9/23/2016

Visual Studio 2015 Hadoop Component ETL using Hortonworks Hyper-V Sandbox [Part-4]

This is part 4 in a series "Visual Studio 2015 Hadoop Component ETL using Hortonworks Hyper-V Sandbox"
 
In Part 1 of this series we installed Visual Studio 2015 Community edition as well as configured our Hortonworks Sandbox 2.4 in Hyper-V.

In Part 2, we created a project in Visual Studio Data Tools for SSIS which implemented the Hadoop Task File Task.  We ingested a local file on the host laptop, sent it directly to a directory in HDFS in Hyper-V Virtual Machine sandbox.
 
In Part 3, we used Pig to bring in a text file, strip out the header row, and store off the data (3 fields) to an output directory.
 
To get started, took a look at the HDFS file structure for the root folder, I'm using root for simplicity, in real world environment, you'd want to use a different user of course:
 

Next we create our Hadoop Connection Manager:


Next we set WebHCat server and IP address, didn't need to set or enable WebHDFS connection:


Next we opened our Visual Studio project, added a new SSIS Package, dropped in 3 Hadoop Hive Task components, first one to create a Database, then create a Table, then Insert into the new table:
 

Next, we open each of the 3 Hive components, set the Hadoop Connection and apply the Inline Script:

 
Each of the 3 script code is here:


----------------------
-- Script 1
CREATE DATABASE IF NOT EXISTS VS2015_Test;
USE VS2015_Test;

----------------------
-- Script 2
USE VS2015_Test;
DROP TABLE IF EXISTS tblBook1;
CREATE EXTERNAL TABLE tblBook1 (DateID STRING, Description STRING, ActiveFlag INT)
ROW FORMAT DELIMITED
FIELDS TERMINATED BY '\t'
STORED AS TEXTFILE LOCATION '/user/root/test/HIVE/tblBook1';

----------------------
-- Script 3
USE VS2015_Test;
LOAD DATA INPATH '/user/root/test/book1.out/part-m-00000'
OVERWRITE INTO TABLE tblBook1;

----------------------
Here's the HDFS file structure along with CAT file contents of our Pig output file book1.out/part-m-00000:


Then executed the SSIS Package:


Package completed with details:


And HDFS file structure changed, adding new files to our Hive directory, and moved the original output file:


You can see the Hive directory has a new entry "tblBook1" which is our Hive Table and the file "tblBook1/part-m-00000" is our table content, which got moved from the original directory of "book1.out".
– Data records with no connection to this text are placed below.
(* Let $l_1\geq l_2\geq 3$ be integers. Let $U_1(l_1,l_2)$ be the graph obtained from the cycle $C_{l_1}$ by attaching a pendent path of length $l_2$ at a vertex $u$ of the cycle, and $U_2(l_1,l_2)$ the graph obtained from the cycle $C_{l_2}$ by attaching a pendent path of length $l_1$ at a vertex $v$ of the cycle. Then $$n(U_1(l_1,l_2))\geq n(U_2(l_1,l_2))\quad\text{and}\quad n(u,U_1(l_1,l_2))\geq n(v,U_2(l_1,l_2)),$$ with equality if and only if $l_1=l_2$.
   Context: A pendent path of length $\ell$ attached at $w$ consists of $\ell$ new vertices $x_1,\dots,x_\ell$ and edges $wx_1,\dots,x_{\ell-1}x_\ell$. A subtree of a graph $G$ is a subgraph that is a tree (distinguished as subgraphs); $n(G)$ is the number of subtrees of $G$, counting also the empty subtree, and $n(x,G)$ is the number of subtrees of $G$ containing the vertex $x$. *)

From HB Require Import structures.
From mathcomp Require Import all_boot.
From mathcomp Require Import boolp.

Set Implicit Arguments.
Unset Strict Implicit.
Unset Printing Implicit Defensive.

Section Subtrees.
Variable V : finType.

(* A simple graph on V is given by its edge set E, a set of 2-subsets of V. *)

Definition adjE (F : {set {set V}}) : rel V := fun x y => [set x; y] \in F.

Definition has_cycle (F : {set {set V}}) : Prop :=
  exists (x : V) (p : seq V),
    [/\ uniq (x :: p), 2 <= size p, path (adjE F) x p & adjE F (last x p) x].

Definition is_subgraph (E : {set {set V}}) (S : {set V}) (F : {set {set V}}) : bool :=
  (F \subset E) && [forall e in F, e \subset S].

Definition is_tree (S : {set V}) (F : {set {set V}}) : Prop :=
  [/\ S != set0, {in S &, forall x y, connect (adjE F) x y} & ~ has_cycle F].

Definition subtrees (E : {set {set V}}) : {set {set V} * {set {set V}}} :=
  [set SF | is_subgraph E SF.1 SF.2 && `[< is_tree SF.1 SF.2 >]].

(* n(G): number of subtrees, counting also the empty subtree *)
Definition n_sub (E : {set {set V}}) : nat := #|subtrees E| + 1.

Definition n_sub_at (E : {set {set V}}) (x : V) : nat :=
  #|[set SF in subtrees E | x \in SF.1]|.

End Subtrees.

(* Cycle C_a on vertices 0..a-1 (edges i ~ i+1 mod a), with a pendent path of
   length b attached at vertex 0: new vertices a, ..., a+b-1, edges 0 ~ a and
   a+k ~ a+k+1. Vertex type 'I_(a+b). *)
Definition cpp_adj (a b x y : nat) : bool :=
  [|| [&& x < a, y < a & y == x.+1 %% a],
      [&& x == 0, y == a & 0 < b] |
      [&& a <= x, y == x.+1 & y < a + b]].

Definition cpp_edges (a b : nat) : {set {set 'I_(a + b)}} :=
  [set e : {set 'I_(a + b)} | [exists x : 'I_(a + b), exists y : 'I_(a + b),
     (e == [set x; y]) && cpp_adj a b x y]].

(* Adding a new edge {x, y} to a graph creates exactly the subtrees obtained by joining
   through it a subtree containing x and a disjoint subtree containing y ([bridge]); the
   inverse map deletes the edge and keeps the components of x and y ([cut]).  In
   particular, hanging a new leaf y at x adds one subtree for each subtree through x.
   Growing a path leaf by leaf, while tracking the subtrees through its end, through a
   fixed root, and the disjoint pairs of subtrees through both, shows that the cycle C_a
   (a path closed by one edge) with a pendent path of length b at its vertex 0 has
     n(0, U) = (b + 1) C(a + 1, 2)   and   n(U) = a^2 + C(b + 1, 2) + b C(a + 1, 2) + 1.
   Exchanging a > b lowers these by (a - b)(a + 1)(b + 1)/2 and (a - b)(ab + a + b - 1)/2. *)

From mathcomp Require Import all_boot boolp zify.

Set Implicit Arguments.
Unset Strict Implicit.
Unset Printing Implicit Defensive.

Lemma disjointsU1 (T : finType) (A B : {set T}) y :
  [disjoint A & B :|: [set y]] = [disjoint A & B] && (y \notin A).
Proof.
by rewrite disjoint_sym disjoints_subset subUset sub1set -disjoints_subset disjoint_sym inE.
Qed.

Section Subtrees.
Variable V : finType.
Implicit Types (E F : {set {set V}}) (S C : {set V}) (x y u v w : V).

Local Notation graph := ({set V} * {set {set V}})%type.

Lemma adjE_sym F : symmetric (adjE F).
Proof. by move=> x y; rewrite /adjE setUC. Qed.

Lemma connect_adjEC F x y : connect (adjE F) x y = connect (adjE F) y x.
Proof. exact: (sym_connect_sym (@adjE_sym F)). Qed.

Lemma connect_adjE_subset F F' x y :
  F \subset F' -> connect (adjE F) x y -> connect (adjE F') x y.
Proof.
by move=> sFF'; apply: connect_sub => u v uv; apply: connect1; apply: (subsetP sFF').
Qed.

Lemma connect_closed F C x y :
  (forall u v, u \in C -> adjE F u v -> v \in C) ->
  x \in C -> connect (adjE F) x y -> y \in C.
Proof.
move=> closedC xC /connectP [p + ->]; elim: p x xC => //= z p IHp x xC /andP [xz].
exact/IHp/(closedC x).
Qed.

Lemma sub_path_closed (r r' : rel V) C x p :
  (forall u v, u \in C -> r u v -> r' u v /\ v \in C) ->
  x \in C -> path r x p -> path r' x p.
Proof.
move=> closedC; elim: p x => //= y p IHp x xC /andP [xy yp].
by have [-> yC] := closedC _ _ xC xy; apply: IHp.
Qed.

Definition simple_cycle F (c : seq V) := [&& uniq c, 2 < size c & cycle (adjE F) c].

Lemma has_cycleP F : has_cycle F <-> exists c, simple_cycle F c.
Proof.
split=> [[x [p [uxp sp xp px]]] | [[|x p] //]].
  by exists (x :: p); rewrite /simple_cycle uxp ltnS sp /= rcons_path xp px.
by rewrite /simple_cycle /= ltnS rcons_path => /and4P [uxp sp xp px]; exists x, p.
Qed.

Lemma simple_cycle_rot F c x :
  simple_cycle F c -> x \in c -> exists p, simple_cycle F (x :: p).
Proof.
move=> cycF /rot_to [i p rot_c]; exists p; rewrite -rot_c.
by move: cycF; rewrite /simple_cycle rot_uniq size_rot rot_cycle.
Qed.

Lemma has_cycle_subset F F' : F \subset F' -> has_cycle F -> has_cycle F'.
Proof.
move=> sFF' /has_cycleP [[|x p] // /and3P [uc sc cc]]; apply/has_cycleP.
exists (x :: p); rewrite /simple_cycle uc sc /=.
by apply: sub_path cc => u v; apply: (subsetP sFF').
Qed.

Lemma has_cycle_of_connect F x y : x != y -> [set x; y] \in F ->
  connect (adjE (F :\ [set x; y])) x y -> has_cycle F.
Proof.
move=> xy xyF /connectP [p xp]; case: (shortenP xp) => q xq uq _ y_q; subst y; clear xp.
exists x, q; split=> //; last by rewrite adjE_sym.
- case: q xy xyF xq uq => [|z [|t q]] //=; first by rewrite eqxx.
  by move=> _ _; rewrite andbT /adjE in_setD1 eqxx.
- by apply: sub_path xq => u v; rewrite /adjE in_setD1 => /andP [].
Qed.

Lemma path_setU1_avoid F x y h p : x \notin h :: p ->
  path (adjE ([set x; y] |: F)) h p -> path (adjE F) h p.
Proof.
move=> xNp; apply: (sub_in_path (P := predC1 x)); last first.
  by apply/allP => u up; apply: contraNneq xNp => <-.
move=> u v /= ux vx; rewrite /adjE in_setU1 => /orP [/eqP uvxy | //].
by have := set21 x y; rewrite -uvxy in_set2 !(eq_sym x) (negbTE ux) (negbTE vx).
Qed.

Lemma adjE_disjointU S1 S2 F1 F2 u v :
  {in F1, forall f : {set V}, f \subset S1} -> {in F2, forall f : {set V}, f \subset S2} ->
  [disjoint S1 & S2] -> u \in S1 -> adjE (F1 :|: F2) u v -> adjE F1 u v /\ v \in S1.
Proof.
move=> F1S1 F2S2 S12 uS1; rewrite /adjE inE => /orP [uvF1 | /F2S2].
  by have := F1S1 _ uvF1; rewrite subUset !sub1set => /andP [].
by rewrite subUset sub1set (disjointFr S12 uS1).
Qed.

Section DisjointUnion.
Variables (S1 S2 : {set V}) (F1 F2 : {set {set V}}).
Hypotheses (F1S1 : {in F1, forall f : {set V}, f \subset S1})
           (F2S2 : {in F2, forall f : {set V}, f \subset S2}).
Hypothesis S12 : [disjoint S1 & S2].

Let S21 : [disjoint S2 & S1]. Proof. by rewrite disjoint_sym. Qed.

Let closed1 u v : u \in S1 -> adjE (F1 :|: F2) u v -> v \in S1.
Proof. by move=> uS1 /(adjE_disjointU F1S1 F2S2 S12 uS1) []. Qed.

Let closed2 u v : u \in S2 -> adjE (F1 :|: F2) u v -> v \in S2.
Proof. by move=> uS2; rewrite setUC => /(adjE_disjointU F2S2 F1S1 S21 uS2) []. Qed.

Lemma has_cycle_disjointU : has_cycle (F1 :|: F2) -> has_cycle F1 \/ has_cycle F2.
Proof.
move=> /has_cycleP [[|h p] // /and3P [uc sc cc]].
have restrict S F : (forall u v, u \in S -> adjE (F1 :|: F2) u v -> adjE F u v /\ v \in S) ->
    h \in S -> has_cycle F.
  move=> closedS hS; apply/has_cycleP; exists (h :: p); rewrite /simple_cycle uc sc /=.
  exact: sub_path_closed closedS hS cc.
have [z] : exists z, adjE (F1 :|: F2) h z.
  by move: sc cc; case: (p) => [|z q] //= _ /andP [hz _]; exists z.
rewrite /adjE inE => /orP [/F1S1 | /F2S2]; rewrite subUset sub1set => /andP [hS _].
  by left; apply: restrict hS => u v; apply: adjE_disjointU F1S1 F2S2 S12.
by right; apply: restrict hS => u v; rewrite setUC; apply: adjE_disjointU F2S2 F1S1 S21.
Qed.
So let's have a look at Hive now, SHOW TABLES; and DESCRIBE tblBook1 to get the table structure:


And now "select * from tblBook1", returns 3 rows as expected:


Let's add a Where clause, where ActiveFlag = 1:


Lastly, tried a UNION ALL query:


And there you have it.  4 part series, install Visual Studio 2015 and start Hortonworks Sandbox on Hyper-V, Ingest files, ETL using Pig and Create Database/Table/Insert data.  Full life cycle.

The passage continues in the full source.